== Task data ==

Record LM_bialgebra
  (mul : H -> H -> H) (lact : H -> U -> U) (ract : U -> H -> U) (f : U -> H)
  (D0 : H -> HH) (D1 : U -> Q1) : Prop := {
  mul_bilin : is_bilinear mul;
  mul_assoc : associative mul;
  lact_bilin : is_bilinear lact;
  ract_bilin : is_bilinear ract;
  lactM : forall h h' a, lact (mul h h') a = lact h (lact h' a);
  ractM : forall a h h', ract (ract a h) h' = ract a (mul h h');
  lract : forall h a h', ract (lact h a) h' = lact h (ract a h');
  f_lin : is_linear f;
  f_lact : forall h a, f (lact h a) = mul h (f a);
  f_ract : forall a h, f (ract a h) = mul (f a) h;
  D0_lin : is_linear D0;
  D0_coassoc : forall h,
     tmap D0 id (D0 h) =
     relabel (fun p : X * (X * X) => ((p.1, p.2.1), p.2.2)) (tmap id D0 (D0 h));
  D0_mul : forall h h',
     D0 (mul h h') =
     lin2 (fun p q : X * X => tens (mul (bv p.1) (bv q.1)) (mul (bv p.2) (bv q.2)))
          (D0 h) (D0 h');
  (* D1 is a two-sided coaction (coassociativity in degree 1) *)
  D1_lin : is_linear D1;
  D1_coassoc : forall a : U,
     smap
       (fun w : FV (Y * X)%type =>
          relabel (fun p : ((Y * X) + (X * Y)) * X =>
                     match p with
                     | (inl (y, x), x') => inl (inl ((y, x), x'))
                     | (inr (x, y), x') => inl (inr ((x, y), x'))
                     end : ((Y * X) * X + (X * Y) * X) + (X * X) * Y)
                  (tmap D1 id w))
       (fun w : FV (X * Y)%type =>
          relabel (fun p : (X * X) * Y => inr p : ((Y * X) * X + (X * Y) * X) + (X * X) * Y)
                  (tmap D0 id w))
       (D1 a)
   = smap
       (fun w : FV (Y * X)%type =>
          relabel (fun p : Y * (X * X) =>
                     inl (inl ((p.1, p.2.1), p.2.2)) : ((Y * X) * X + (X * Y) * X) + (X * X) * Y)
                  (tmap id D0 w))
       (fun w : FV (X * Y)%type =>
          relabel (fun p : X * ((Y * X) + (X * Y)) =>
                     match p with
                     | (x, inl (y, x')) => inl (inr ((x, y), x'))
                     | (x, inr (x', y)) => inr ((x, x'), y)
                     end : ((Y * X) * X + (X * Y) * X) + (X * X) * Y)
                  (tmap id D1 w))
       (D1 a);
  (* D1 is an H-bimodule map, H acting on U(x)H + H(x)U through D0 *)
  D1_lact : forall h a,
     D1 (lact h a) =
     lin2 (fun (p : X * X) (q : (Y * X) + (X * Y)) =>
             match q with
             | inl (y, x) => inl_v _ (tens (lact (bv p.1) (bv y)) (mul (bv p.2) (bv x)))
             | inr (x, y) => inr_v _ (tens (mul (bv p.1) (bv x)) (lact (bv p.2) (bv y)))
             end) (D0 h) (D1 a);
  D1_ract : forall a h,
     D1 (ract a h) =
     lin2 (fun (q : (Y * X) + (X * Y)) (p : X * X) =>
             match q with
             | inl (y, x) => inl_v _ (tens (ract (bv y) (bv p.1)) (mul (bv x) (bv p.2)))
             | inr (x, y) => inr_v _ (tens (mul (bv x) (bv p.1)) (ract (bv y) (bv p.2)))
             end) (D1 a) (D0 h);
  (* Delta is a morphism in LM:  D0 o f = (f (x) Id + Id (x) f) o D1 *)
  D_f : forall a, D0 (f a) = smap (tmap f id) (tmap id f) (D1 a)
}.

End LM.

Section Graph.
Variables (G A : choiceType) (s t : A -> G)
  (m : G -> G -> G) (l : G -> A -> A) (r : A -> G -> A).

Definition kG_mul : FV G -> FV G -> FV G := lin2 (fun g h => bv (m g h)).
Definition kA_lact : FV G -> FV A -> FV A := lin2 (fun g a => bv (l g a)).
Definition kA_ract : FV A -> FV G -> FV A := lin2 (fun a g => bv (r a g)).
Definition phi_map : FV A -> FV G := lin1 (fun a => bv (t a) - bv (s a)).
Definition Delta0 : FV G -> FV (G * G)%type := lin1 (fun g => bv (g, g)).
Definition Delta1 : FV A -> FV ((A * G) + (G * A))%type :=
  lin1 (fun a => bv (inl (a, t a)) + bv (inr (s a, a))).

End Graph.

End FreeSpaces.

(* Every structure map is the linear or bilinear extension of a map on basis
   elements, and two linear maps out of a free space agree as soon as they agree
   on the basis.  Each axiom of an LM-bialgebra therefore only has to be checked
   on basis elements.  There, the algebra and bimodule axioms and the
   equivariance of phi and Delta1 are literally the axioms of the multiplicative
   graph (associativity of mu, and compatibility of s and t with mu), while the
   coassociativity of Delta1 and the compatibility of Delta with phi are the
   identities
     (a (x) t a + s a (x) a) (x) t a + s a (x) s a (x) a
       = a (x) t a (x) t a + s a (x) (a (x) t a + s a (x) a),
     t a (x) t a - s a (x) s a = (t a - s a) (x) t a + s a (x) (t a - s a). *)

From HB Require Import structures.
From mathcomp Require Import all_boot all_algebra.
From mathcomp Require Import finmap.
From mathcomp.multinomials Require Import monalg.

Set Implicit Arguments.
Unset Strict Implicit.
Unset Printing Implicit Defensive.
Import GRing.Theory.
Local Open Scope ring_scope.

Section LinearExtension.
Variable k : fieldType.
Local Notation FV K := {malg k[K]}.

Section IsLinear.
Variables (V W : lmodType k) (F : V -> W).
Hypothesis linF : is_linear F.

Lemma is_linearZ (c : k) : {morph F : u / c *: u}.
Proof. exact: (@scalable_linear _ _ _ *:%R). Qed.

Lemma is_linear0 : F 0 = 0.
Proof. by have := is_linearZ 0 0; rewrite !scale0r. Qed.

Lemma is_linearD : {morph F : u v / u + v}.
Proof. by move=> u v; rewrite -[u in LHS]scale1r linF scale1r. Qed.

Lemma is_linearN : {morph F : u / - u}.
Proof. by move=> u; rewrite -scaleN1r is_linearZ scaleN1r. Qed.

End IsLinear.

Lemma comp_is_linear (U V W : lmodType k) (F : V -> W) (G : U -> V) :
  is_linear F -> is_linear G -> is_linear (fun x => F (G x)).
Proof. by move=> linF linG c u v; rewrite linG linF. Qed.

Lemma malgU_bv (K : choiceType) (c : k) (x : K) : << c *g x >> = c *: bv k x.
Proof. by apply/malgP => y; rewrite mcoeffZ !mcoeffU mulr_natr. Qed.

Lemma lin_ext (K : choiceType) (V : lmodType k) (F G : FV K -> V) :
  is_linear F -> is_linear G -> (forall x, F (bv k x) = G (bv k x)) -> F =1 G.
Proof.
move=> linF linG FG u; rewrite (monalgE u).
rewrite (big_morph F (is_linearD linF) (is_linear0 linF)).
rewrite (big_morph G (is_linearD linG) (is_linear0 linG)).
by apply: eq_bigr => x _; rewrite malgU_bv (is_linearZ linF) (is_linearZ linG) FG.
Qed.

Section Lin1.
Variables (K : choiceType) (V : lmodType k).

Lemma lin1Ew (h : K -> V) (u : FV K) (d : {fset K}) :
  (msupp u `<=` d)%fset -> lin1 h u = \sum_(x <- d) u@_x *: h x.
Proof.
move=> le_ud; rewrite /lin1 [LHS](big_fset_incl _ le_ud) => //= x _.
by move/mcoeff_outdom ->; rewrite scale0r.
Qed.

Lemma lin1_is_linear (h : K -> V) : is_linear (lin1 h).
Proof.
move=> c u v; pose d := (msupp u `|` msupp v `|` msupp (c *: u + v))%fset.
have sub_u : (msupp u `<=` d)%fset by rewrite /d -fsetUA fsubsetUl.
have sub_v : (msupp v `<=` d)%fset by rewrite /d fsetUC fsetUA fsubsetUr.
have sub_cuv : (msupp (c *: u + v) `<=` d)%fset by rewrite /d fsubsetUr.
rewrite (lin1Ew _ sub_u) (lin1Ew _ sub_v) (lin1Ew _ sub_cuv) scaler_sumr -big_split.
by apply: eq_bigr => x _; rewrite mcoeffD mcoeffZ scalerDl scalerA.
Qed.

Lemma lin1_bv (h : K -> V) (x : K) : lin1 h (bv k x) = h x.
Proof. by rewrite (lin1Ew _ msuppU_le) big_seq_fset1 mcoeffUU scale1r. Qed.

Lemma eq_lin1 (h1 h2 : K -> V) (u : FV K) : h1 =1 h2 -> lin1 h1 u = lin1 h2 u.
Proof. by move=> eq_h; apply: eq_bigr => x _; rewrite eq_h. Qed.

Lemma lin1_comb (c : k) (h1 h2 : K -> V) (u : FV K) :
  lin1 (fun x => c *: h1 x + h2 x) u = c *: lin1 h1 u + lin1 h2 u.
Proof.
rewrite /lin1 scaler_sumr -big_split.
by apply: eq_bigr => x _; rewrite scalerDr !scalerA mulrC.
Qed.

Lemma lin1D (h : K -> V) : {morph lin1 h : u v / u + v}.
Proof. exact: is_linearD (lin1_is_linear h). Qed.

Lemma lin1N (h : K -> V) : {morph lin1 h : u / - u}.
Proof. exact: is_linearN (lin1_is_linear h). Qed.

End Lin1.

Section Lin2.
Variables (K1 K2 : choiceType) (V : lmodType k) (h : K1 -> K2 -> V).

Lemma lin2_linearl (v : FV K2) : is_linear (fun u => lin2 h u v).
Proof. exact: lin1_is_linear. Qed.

== Directions for this task ==
Going back to the entries above, set down exactly the lines that begin at the one with "Local Open Scope ring_scope." and end at the one with "Proof. by have", both included, and nothing else.

== Solution to this exercise ==
Local Open Scope ring_scope.

Section LinearExtension.
Variable k : fieldType.
Local Notation FV K := {malg k[K]}.

Section IsLinear.
Variables (V W : lmodType k) (F : V -> W).
Hypothesis linF : is_linear F.

Lemma is_linearZ (c : k) : {morph F : u / c *: u}.
Proof. exact: (@scalable_linear _ _ _ *:%R). Qed.

Lemma is_linear0 : F 0 = 0.
Proof. by have := is_linearZ 0 0; rewrite !scale0r. Qed.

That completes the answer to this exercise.